According to U.S. Census data from 2021, Vermont had the seventh-highest per capita tax revenue in the nation for state and local taxes. Since then, acts of the Vermont Legislature have cumulatively increased tax obligations in the state by nearly $360 million, according to data from the Vermont Department of Taxes.
Those increases arrive as Vermont saw the highest year-over-year increase in housing prices in the nation, and double-digit increases in health insurance premiums.
Waite-Simpson said she doesn’t necessarily doubt the potential benefits of the programs and services that tax dollars fund. But when she talked to her local representatives about the financial duress she’s experiencing as a result of rising taxes, “the only thing they could tell me was, ‘Get a roommate.’”
“I think my jaw hit the ground when one of them said that to me. It was just not the kind of solution I wanted to hear,” Waite-Simpson said. “What about my basic needs, you know? It’s like I don’t feel like anybody is even looking at my basic needs.”
Vermont Public asked candidates for local and statewide office what they plan to do to address rising property taxes. Esther Charlestin, the Democratic candidate for governor, said she wants to explore ways to more efficiently deploy resources, as well as a wealth tax to take the pressure off middle-income residents.
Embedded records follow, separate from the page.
(* For every integer $n\ge0$, $$\sum_{k=0}^n\frac{\binom{n}{k}(-1)^k}{4k+1}=\frac{1}{4n+1}\cdot\frac{(-1)^n}{\binom{-1/4}{n}},\qquad \sum_{k=0}^n\frac{\binom{n}{k}(-1)^k}{4k+1}H_k=-\frac{1}{4n+1}\cdot\frac{(-1)^n}{\binom{-1/4}{n}}\sum_{k=1}^n\frac{\binom{-1/4}{k}(-1)^k}{k},$$ and $$\sum_{k=0}^n\frac{\binom{n}{k}(-1)^k}{4k+3}=\frac{(-1)^n}{(4n+3)\binom{-3/4}{n}},\qquad \sum_{k=0}^n\frac{\binom{n}{k}(-1)^kH_k}{4k+3}=-\frac{(-1)^n}{(4n+3)\binom{-3/4}{n}}\sum_{k=1}^n\frac{\binom{-3/4}{k}(-1)^k}{k}.$$
   Context: $H_k=\sum_{i=1}^k1/i$ with $H_0=0$; for rational $a$, $\binom{a}{k}=a(a-1)\cdots(a-k+1)/k!$. *)

From mathcomp Require Import all_boot all_order all_algebra.
Set Implicit Arguments. Unset Strict Implicit. Unset Printing Implicit Defensive.
Import Order.TTheory GRing.Theory Num.Theory.
Local Open Scope ring_scope.

Definition harmonic (k : nat) : rat := \sum_(1 <= i < k.+1) (i%:R)^-1.

Definition gbinom (a : rat) (k : nat) : rat :=
  (\prod_(i < k) (a - i%:R)) / (k`!)%:R.

From mathcomp Require Import all_boot all_order all_algebra.
From mathcomp Require Import ring.
Import Order.TTheory GRing.Theory Num.Theory.
Set Implicit Arguments. Unset Strict Implicit.
Local Open Scope ring_scope.

(* For b, c > 0 and a weight w : nat -> Q consider the binomial transform
     S_n(w) = \sum_{k<=n} C(n,k) (-1)^k w_k / (b k + c).
   Absorption, (n+1) C(n,k) = (n+1-k) C(n+1,k), together with
   b(n+1-k) = (b(n+1)+c) - (bk+c), gives the first-order recurrence
     (b(n+1)+c) S_{n+1}(w) = \sum_k C(n+1,k)(-1)^k w_k + b(n+1) S_n(w).
   For w = 1 the inhomogeneous term is an alternating row sum of Pascal's
   triangle, hence 0, and induction gives
     S_n(1) = (-1)^n / ((bn+c) binom(-c/b, n)).
   Pascal's rule turns \sum_k C(n+1,k)(-1)^k f_k into an alternating sum of the
   forward differences of f over row n; for f = H these are -1/(k+1), so the
   case b = c = 1 of the formula above yields \sum_k C(n+1,k)(-1)^k H_k = -1/(n+1).
   Feeding this into the recurrence for w = H, induction gives
     S_n(H) = - S_n(1) \sum_{1<=k<=n} binom(-c/b, k)(-1)^k / k.
   The theorem is the instance b = 4 with c = 1 and c = 3. *)

Lemma alt_binom_sum_diff (R : comPzRingType) n (f : nat -> R) :
  \sum_(0 <= k < n.+2) ('C(n.+1, k)%:R * (-1) ^+ k * f k)
  = \sum_(0 <= k < n.+1) ('C(n, k)%:R * (-1) ^+ k * (f k - f k.+1)).
Proof.
rewrite big_nat_recl //=.
under eq_bigr => k _ do rewrite binS natrD mulrDl mulrDl.
rewrite big_split /=.
rewrite [X in _ + (X + _)]big_nat_recr //= (bin_small (ltnSn n)) mul0r mul0r addr0.
have -> : \sum_(0 <= i < n) ('C(n, i.+1)%:R * (-1) ^+ i.+1 * f i.+1 : R)
   = \sum_(0 <= i < n.+1) ('C(n, i)%:R * (-1) ^+ i * f i) - f 0%N.
  by rewrite [in RHS]big_nat_recl //= bin0 expr0; ring.
rewrite bin0 expr0.
under [X in _ = X]eq_bigr => k _ do rewrite mulrBr.
rewrite sumrB.
have -> : \sum_(0 <= i < n.+1) ('C(n, i)%:R * (-1) ^+ i.+1 * f i.+1 : R)
  = - \sum_(0 <= i < n.+1) ('C(n, i)%:R * (-1) ^+ i * f i.+1).
  by rewrite -sumrN; apply: eq_bigr => i _; rewrite exprS mulN1r mulrN mulNr.
ring.
Qed.

Lemma alt_binom_sum0 (R : comPzRingType) n :
  \sum_(0 <= k < n.+2) ('C(n.+1, k)%:R * (-1) ^+ k : R) = 0.
Proof.
have := alt_binom_sum_diff n (fun _ => 1 : R).
under eq_bigr do rewrite mulr1.
by move=> ->; apply: big1 => i _; rewrite subrr mulr0.
Qed.

Definition alt_wsum (R : fieldType) (b c : R) (w : nat -> R) n : R :=
  \sum_(0 <= k < n.+1) ('C(n, k)%:R * (-1) ^+ k * w k / (b * k%:R + c)).

Lemma alt_wsumS (R : numFieldType) (b c : R) (w : nat -> R) n :
  (forall k, b * k%:R + c != 0) ->
  (b * (n.+1)%:R + c) * alt_wsum b c w n.+1
  = \sum_(0 <= k < n.+2) ('C(n.+1, k)%:R * (-1) ^+ k * w k)
    + b * (n.+1)%:R * alt_wsum b c w n.
Proof.
move=> hbc; rewrite /alt_wsum.
have -> : \sum_(0 <= k < n.+1) ('C(n, k)%:R * (-1) ^+ k * w k / (b * k%:R + c))
  = \sum_(0 <= k < n.+2) ('C(n, k)%:R * (-1) ^+ k * w k / (b * k%:R + c)).
  by rewrite [in RHS]big_nat_recr //= (bin_small (ltnSn n)) !mul0r addr0.
rewrite !mulr_sumr -big_split /=.
apply: eq_big_nat => k /andP[_ hk].
have hn : (n.+1)%:R != 0 :> R by rewrite pnatr_eq0.
have absorb : ('C(n, k)%:R : R) = ((n.+1)%:R - k%:R) * 'C(n.+1, k)%:R / (n.+1)%:R.
  rewrite -natrB; last by rewrite -ltnS.
  rewrite -natrM -(mul_bin_down n.+1 k) natrM /=; field.
  by rewrite addrC natr1.
by rewrite absorb; field; rewrite ?hbc ?(addrC 1) ?natr1.
Qed.

Lemma gbinom0 a : gbinom a 0 = 1.
Proof. by rewrite /gbinom big_ord0 fact0 divr1. Qed.

Lemma gbinomS a n : gbinom a n.+1 = gbinom a n * (a - n%:R) / (n.+1)%:R.
Proof.
rewrite /gbinom big_ord_recr factS natrM invfM /=.
set P := \prod_(i < n) _; set F := (n`!)%:R; set N := (n.+1)%:R.
ring.
Qed.

Section PositiveDenominators.

Variables b c : rat.
Hypotheses (hb : 0 < b) (hc : 0 < c).

Lemma denom_neq0 k : b * k%:R + c != 0.
Proof. by apply: lt0r_neq0; rewrite ltr_wpDl ?mulr_ge0 ?ler0n ?ltW. Qed.

(* binom(-c/b, n) never vanishes since every factor -c/b - i is negative. *)
Lemma gbinom_neg_neq0 n : gbinom (- (c / b)) n != 0.
Proof.
elim: n => [|n IH]; first by rewrite gbinom0 oner_neq0.
rewrite gbinomS; apply: mulf_neq0; last by rewrite invr_neq0 // pnatr_eq0.
apply: mulf_neq0 => //; apply: ltr0_neq0.
by rewrite -opprD oppr_lt0 ltr_wpDr ?ler0n ?divr_gt0.
Qed.

Lemma alt_wsum1S n :
  (b * (n.+1)%:R + c) * alt_wsum b c (fun _ => 1) n.+1
  = b * (n.+1)%:R * alt_wsum b c (fun _ => 1) n.
Proof.
rewrite alt_wsumS; last exact: denom_neq0.
under eq_bigr do rewrite mulr1.
by rewrite alt_binom_sum0 add0r.
Qed.

Lemma alt_wsum1 n :
  alt_wsum b c (fun _ => 1) n
  = (-1) ^+ n / ((b * n%:R + c) * gbinom (- (c / b)) n).
Proof.
elim: n => [|n IH].
  by rewrite /alt_wsum big_nat1 gbinom0 bin0 expr0 mulr0 add0r !mul1r mulr1.
apply: (mulfI (denom_neq0 n.+1)); rewrite alt_wsum1S IH gbinomS exprS.
have := gbinom_neg_neq0 n; have := denom_neq0 n; have := denom_neq0 n.+1.
move=> h1 h2 h3; field.
have hbn := mulr_ge0 (ltW hb) (ler0n rat n).
rewrite [1 + _]addrC natr1 h1 h2 h3 pnatr_eq0 (gt_eqF hb) /= andbT.
apply: ltr0_neq0; rewrite -[1 *- n]/(- n%:R) mulNr mulrC -opprD oppr_lt0.
by rewrite ltr_wpDr.
Qed.

End PositiveDenominators.

Lemma gbinom_neg1 n : gbinom (-1) n = (-1) ^+ n.
Proof.
elim: n => [|n IH]; first exact: gbinom0.
rewrite gbinomS IH exprS; field.
by rewrite addrC natr1 pnatr_eq0.
Qed.

Lemma alt_binom_sum_inv_succ n :
  \sum_(0 <= k < n.+1) ('C(n, k)%:R * (-1) ^+ k / (k.+1)%:R) = 1 / (n.+1)%:R :> rat.
Proof.
have -> : 1 / (n.+1)%:R = alt_wsum 1 1 (fun _ => 1) n :> rat.
  rewrite (@alt_wsum1 1 1) ?ltr01 // divr1 gbinom_neg1 !mul1r natr1.
  by rewrite invfM mulrCA divff ?signr_eq0 // mulr1.
by apply: eq_bigr => k _; rewrite mulr1 mul1r natr1.
Qed.

Lemma harmonicS k : harmonic k.+1 = harmonic k + ((k.+1)%:R)^-1.
Proof. by rewrite /harmonic big_nat_recr. Qed.

(* \sum_k C(n+1,k) (-1)^k H_k = -1/(n+1): the forward differences of H are
   -1/(k+1), so this is the previous identity. *)
Lemma alt_binom_sum_harmonic n :
  \sum_(0 <= k < n.+2) ('C(n.+1, k)%:R * (-1) ^+ k * harmonic k)
  = - (1 / (n.+1)%:R).
Proof.
rewrite alt_binom_sum_diff -alt_binom_sum_inv_succ -sumrN.
by apply: eq_bigr => k _; rewrite harmonicS opprD addrA subrr add0r mulrN.
Qed.

Definition gbinom_alt_sum (a : rat) n : rat :=
  \sum_(1 <= k < n.+1) (gbinom a k * (-1) ^+ k / k%:R).

Lemma gbinom_alt_sumS a n :
  gbinom_alt_sum a n.+1 = gbinom_alt_sum a n + gbinom a n.+1 * (-1) ^+ n.+1 / (n.+1)%:R.
Proof. by rewrite /gbinom_alt_sum big_nat_recr. Qed.

Section HarmonicTransform.

Variables b c : rat.
Hypotheses (hb : 0 < b) (hc : 0 < c).

(* b (n+1) S_n(1) times the (n+1)-st term of Q(-c/b) equals 1/(n+1); this
   matches the inhomogeneous term of the recurrence for S(H). *)
Lemma alt_wsum1_gbinom_term n :
  b * (n.+1)%:R * alt_wsum b c (fun _ => 1) n
    * (gbinom (- (c / b)) n.+1 * (-1) ^+ n.+1 / (n.+1)%:R)
  = 1 / (n.+1)%:R.
Proof.
have h1 := gbinom_neg_neq0 hb hc n; have h2 := denom_neq0 hb hc n.
rewrite alt_wsum1 // gbinomS !exprS -{2}[(-1) ^+ n]invr_sign; field.
by rewrite addrC natr1 h1 h2 (gt_eqF hb) pnatr_eq0 signr_eq0.
Qed.

Lemma alt_wsum_harmonic n :
  alt_wsum b c harmonic n
  = - alt_wsum b c (fun _ => 1) n * gbinom_alt_sum (- (c / b)) n.
Proof.
elim: n => [|n IH].
  by rewrite /gbinom_alt_sum big_geq // mulr0 /alt_wsum big_nat1 /harmonic big_geq // mulr0 mul0r.
apply: (mulfI (denom_neq0 hb hc n.+1)).
rewrite alt_wsumS; last exact: denom_neq0.
rewrite alt_binom_sum_harmonic IH gbinom_alt_sumS -(alt_wsum1_gbinom_term n).
set S1 := alt_wsum b c _ n.+1; set t := _ / (n.+1)%:R.
have -> : (b * (n.+1)%:R + c) * (- S1 * (gbinom_alt_sum (- (c / b)) n + t))
   = - ((b * (n.+1)%:R + c) * S1) * (gbinom_alt_sum (- (c / b)) n + t) by ring.
rewrite alt_wsum1S //; ring.
Qed.

End HarmonicTransform.

Theorem mainTheorem8 (n : nat) :
  [/\ \sum_(0 <= k < n.+1) ('C(n, k)%:R * (-1) ^+ k / (4 * k%:R + 1) : rat)
        = 1 / (4 * n%:R + 1) * ((-1) ^+ n / gbinom (- (1/4)) n),
      \sum_(0 <= k < n.+1) ('C(n, k)%:R * (-1) ^+ k / (4 * k%:R + 1) * harmonic k : rat)
        = - (1 / (4 * n%:R + 1) * ((-1) ^+ n / gbinom (- (1/4)) n))
          * \sum_(1 <= k < n.+1) (gbinom (- (1/4)) k * (-1) ^+ k / k%:R),
      \sum_(0 <= k < n.+1) ('C(n, k)%:R * (-1) ^+ k / (4 * k%:R + 3) : rat)
        = (-1) ^+ n / ((4 * n%:R + 3) * gbinom (- (3/4)) n)
    & \sum_(0 <= k < n.+1) ('C(n, k)%:R * (-1) ^+ k * harmonic k / (4 * k%:R + 3) : rat)
        = - ((-1) ^+ n / ((4 * n%:R + 3) * gbinom (- (3/4)) n))
          * \sum_(1 <= k < n.+1) (gbinom (- (3/4)) k * (-1) ^+ k / k%:R)].
Proof.
have h4 : (0 : rat) < 4 by [].
have S1 (c : rat) : 0 < c -> \sum_(0 <= k < n.+1) ('C(n, k)%:R * (-1) ^+ k / (4 * k%:R + c))
    = (-1) ^+ n / ((4 * n%:R + c) * gbinom (- (c / 4)) n).
  move=> hc; rewrite -(alt_wsum1 h4 hc) /alt_wsum.
  by apply: eq_bigr => k _; rewrite mulr1.
have SH (c : rat) : 0 < c -> alt_wsum 4 c harmonic n
    = - ((-1) ^+ n / ((4 * n%:R + c) * gbinom (- (c / 4)) n)) * gbinom_alt_sum (- (c / 4)) n.
  by move=> hc; rewrite alt_wsum_harmonic // alt_wsum1.
split.
- by rewrite S1 // invfM mul1r mulrCA.
- rewrite (_ : \sum_(0 <= k < n.+1) _ = alt_wsum 4 1 harmonic n); last first.
    by apply: eq_bigr => k _; rewrite mulrAC.
  by rewrite SH // invfM mul1r mulrCA.
- exact: S1.
- exact: SH.
Qed.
Incumbent Republican Gov. Phil Scott said the state needs to grow the workforce, bring in more students or, failing that, consolidate schools.

Dave Lajoie, a retired public school teacher who lives in Brownington, said he welcomes whatever measures elected officials can take to address the 10% increase in his property tax bill this year.
“Right now, good God, if we had extra expenses, it would have to make some hard choices, for sure,” Lajoie said.
But Lajoie isn’t anticipating any meaningful relief in the short term. He said his town has been represented by Republicans and Democrats alike over the years. And while many Republican candidates for House and Senate are running against the recent tax increases that were enacted over Scott’s objections, Lajoie said he isn’t entirely convinced that sending more fiscal conservatives to Montpelier will solve the problem.
“All the Republicans are going around saying, ‘Well, we got to break up the supermajority, that’s what’s holding things back and there’s not enough balance in there.’ And that’s probably true,” Lajoie said. “But they don’t have ideas. They just have a slogan.”
Lynn Parker, who grew up in Woodstock and now lives in Sharon, said she didn’t appreciate just how significant her tax bill was in Vermont until she moved to Florida in 2006.
After living back in the state I was born in, grew up in and loved, I’m now ready to leave due to unfair taxation.Sharon resident Lynn Parker
She moved back to Vermont about 10 years ago to be closer to family.
“When I realized what the difference was between Vermont and Florida, it was just astounding,” Parker said. “I just simply don’t know why. I don’t think we get that many more benefits.”
Vermont is one of few states that fully taxes most military pensions (the state does offer a limited exemption of up to $10,000 on retirement income for income-eligible individuals). It’s something that Parker, who receives a surviving spousal military benefit, finds especially galling.
“And after living back in the state I was born in, grew up in and loved, I’m now ready to leave due to unfair taxation,” she said.
Vermonters will get to decide who controls the future of tax policy in the state when they head to the polls on Nov. 5.